Граф объяснял, пронзая Гришку черным кавказским взором, чтo и как тот должен говорить на суде.
- Да, да! Буду, ваше сиятельство! Непременно! Буду!.. - кивал Гришка, почти не слыша, не понимая.
Когда граф ушел, Гришка написал на его имя письмо с просьбой не делать ему никакого снисхождения на предстоящем процессе. Тек июнь, сна не было. Гришка работал. В начале июля 'Исповедь' подошла к концу, И все подошло к концу: силы, желание жить. Разрешили свидание с Зунделевичем. Прокурор Добржинский стоял неподалеку и нагло прислушивался: как одессит, наверное, кое-что понимал в жаргоне.

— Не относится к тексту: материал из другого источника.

Lemma diff_index_neq x y (H : x <> y) : x (diff_index x y H) <> y (diff_index x y H).
Proof.
  unfold diff_index.
  exact (proj1 (proj2_sig (constructive_indefinite_description _ (first_diff x y H)))).
Qed.

Lemma seq_dist_refl x : seq_dist x x = 0.
Proof.
  unfold seq_dist; destruct (excluded_middle_informative (x = x)); [reflexivity | contradiction].
Qed.

Lemma seq_dist_le n x y : seq_dist x y <= (/2) ^ n <-> agree n x y.
Proof.
  unfold seq_dist; destruct (excluded_middle_informative (x = y)) as [E|E].
  - subst; split; intros _; [apply agree_refl | left; apply half_pow_pos].
  - rewrite agree_iff_le_diff_index with (H := E), half_pow_le_iff; reflexivity.
Qed.

Lemma seq_dist_lt n x y : seq_dist x y < (/2) ^ n <-> agree (S n) x y.
Proof.
  unfold seq_dist; destruct (excluded_middle_informative (x = y)) as [E|E].
  - subst; split; intros _; [apply agree_refl | apply half_pow_pos].
  - rewrite agree_iff_le_diff_index with (H := E), half_pow_lt_iff; lia.
Qed.

Lemma seq_dist_nonneg x y : 0 <= seq_dist x y.
Proof.
  unfold seq_dist; destruct (excluded_middle_informative (x = y)); [lra|].
  left; apply half_pow_pos.
Qed.

Lemma seq_dist_lt_of_agree n e x y : (/2) ^ n < e -> agree n x y -> seq_dist x y < e.
Proof. intros He H; apply seq_dist_le in H; lra. Qed.

Lemma seq_dist_metric : is_metric seq_dist.
Proof.
  split; [exact seq_dist_nonneg | split; [| split]].
  - intros x y; split; intro H.
    + apply functional_extensionality; intro k.
      apply (proj1 (seq_dist_le (S k) x y)); [| lia].
      rewrite H; left; apply half_pow_pos.
    + subst; apply seq_dist_refl.
  - intros x y; unfold seq_dist.
    destruct (excluded_middle_informative (x = y)) as [E|E],
             (excluded_middle_informative (y = x)) as [E'|E'];
      [reflexivity | congruence | congruence |].
    f_equal; apply Nat.le_antisymm.
    + apply (agree_iff_le_diff_index _ _ E'), agree_sym, (agree_iff_le_diff_index _ _ E); lia.
    + apply (agree_iff_le_diff_index _ _ E), agree_sym, (agree_iff_le_diff_index _ _ E'); lia.
  (* ultrametric: [x] and [z] differ at [i], so [y] differs from one of them there *)
  - intros x y z; unfold seq_dist at 1.
    destruct (excluded_middle_informative (x = z)) as [E|E].
    { assert (H1 := seq_dist_nonneg x y); assert (H2 := seq_dist_nonneg y z); lra. }
    set (i := diff_index x z E).
    assert (Hi : x i <> z i) by apply diff_index_neq.
    destruct (classic (agree (S i) x y)) as [Hxy|Hxy].
    + assert (Hyz : ~ agree (S i) y z) by (intro Hyz; apply Hi, (agree_trans _ _ _ _ Hxy Hyz); lia).
      rewrite <- seq_dist_lt in Hyz; assert (H1 := seq_dist_nonneg x y); lra.
    + rewrite <- seq_dist_lt in Hxy; assert (H2 := seq_dist_nonneg y z); lra.
Qed.

Definition cylinder (z : seq) (n : nat) : seq -> Prop := fun x => agree n x z.

Definition finitely_covered {I : Type} (U : I -> seq -> Prop) (S : seq -> Prop) : Prop :=
  exists l : list I, forall x, S x -> exists i, In i l /\ U i x.

Definition upd (z : seq) (n : nat) (a : A) : seq := fun k => if Nat.eqb k n then a else z k.

Lemma upd_same z n a : upd z n a n = a.
Proof. unfold upd; rewrite Nat.eqb_refl; reflexivity. Qed.

Lemma upd_agree z n a : agree n (upd z n a) z.
Proof. intros k Hk; unfold upd; destruct (Nat.eqb_spec k n); [lia | reflexivity]. Qed.

Lemma cylinder_upd z n x : cylinder z n x -> cylinder (upd z n (x n)) (S n) x.
Proof.
  intros Hx k Hk; unfold upd; destruct (Nat.eqb_spec k n); [now subst|].
  apply Hx; lia.
Qed.

Variable enum : list A.
Hypothesis enum_complete : forall a, In a enum.

Lemma finitely_covered_cylinder {I : Type} (U : I -> seq -> Prop) z n :
  (forall a, finitely_covered U (cylinder (upd z n a) (S n))) ->
  finitely_covered U (cylinder z n).
Proof.
  intro Hext.
  assert (Hl : forall l, exists L : list I,
             forall x, cylinder z n x -> In (x n) l -> exists i, In i L /\ U i x).
  { induction l as [|a l [L HL]]; [exists nil; intros x _ []|].
    destruct (Hext a) as [La HLa]; exists (La ++ L).
    intros x Hx [Ha|Hin].
    - destruct (HLa x) as [i [Hi Ui]]; [subst; apply cylinder_upd, Hx|].
      exists i; split; [apply in_or_app; left|]; assumption.
    - destruct (HL x Hx Hin) as [i [Hi Ui]].
      exists i; split; [apply in_or_app; right|]; assumption. }
  destruct (Hl enum) as [L HL]; exists L; intros x Hx; apply HL, enum_complete; exact Hx.
Qed.

Variables a1 a2 : A.
Hypothesis a1_neq_a2 : a1 <> a2.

Зунд был мягче, какая-то искра сочувствия мелькнула в его глазах. И не отнял руки, когда Гришка бросился с рукопожатием.
- Ко мне приходил Лорис-Меликов. Я совсем одурел... - бормотал Гришка, гримасничая. - Кому еще такая честь?
- Не одному тебе.
- Кому же еще?
- Адриану Михайлову. Лорис был у него в мае, знаю точно от верных людей. Адриан в сорок второй камере. Был смертник, сейчас каторжанин: значит, неспроста, товар за товар...
- Меня казнят вместе со всеми! - вспыхнул Гришка. - Я сам потребовал!
- Ты казнил десятки людей, - сказал Зунд. - Палач Фролов на сегодня - ты, Гриша Гольденберг.
Гришка стоял оцепенело, молчал. Когда Добржинский повернул свою выбритую, румяно-рыжую физиономию, привлеченный каким-то криком из окна, Гришка показал на него сжатым кулаком и шепнул:
- Вот кто меня погубил!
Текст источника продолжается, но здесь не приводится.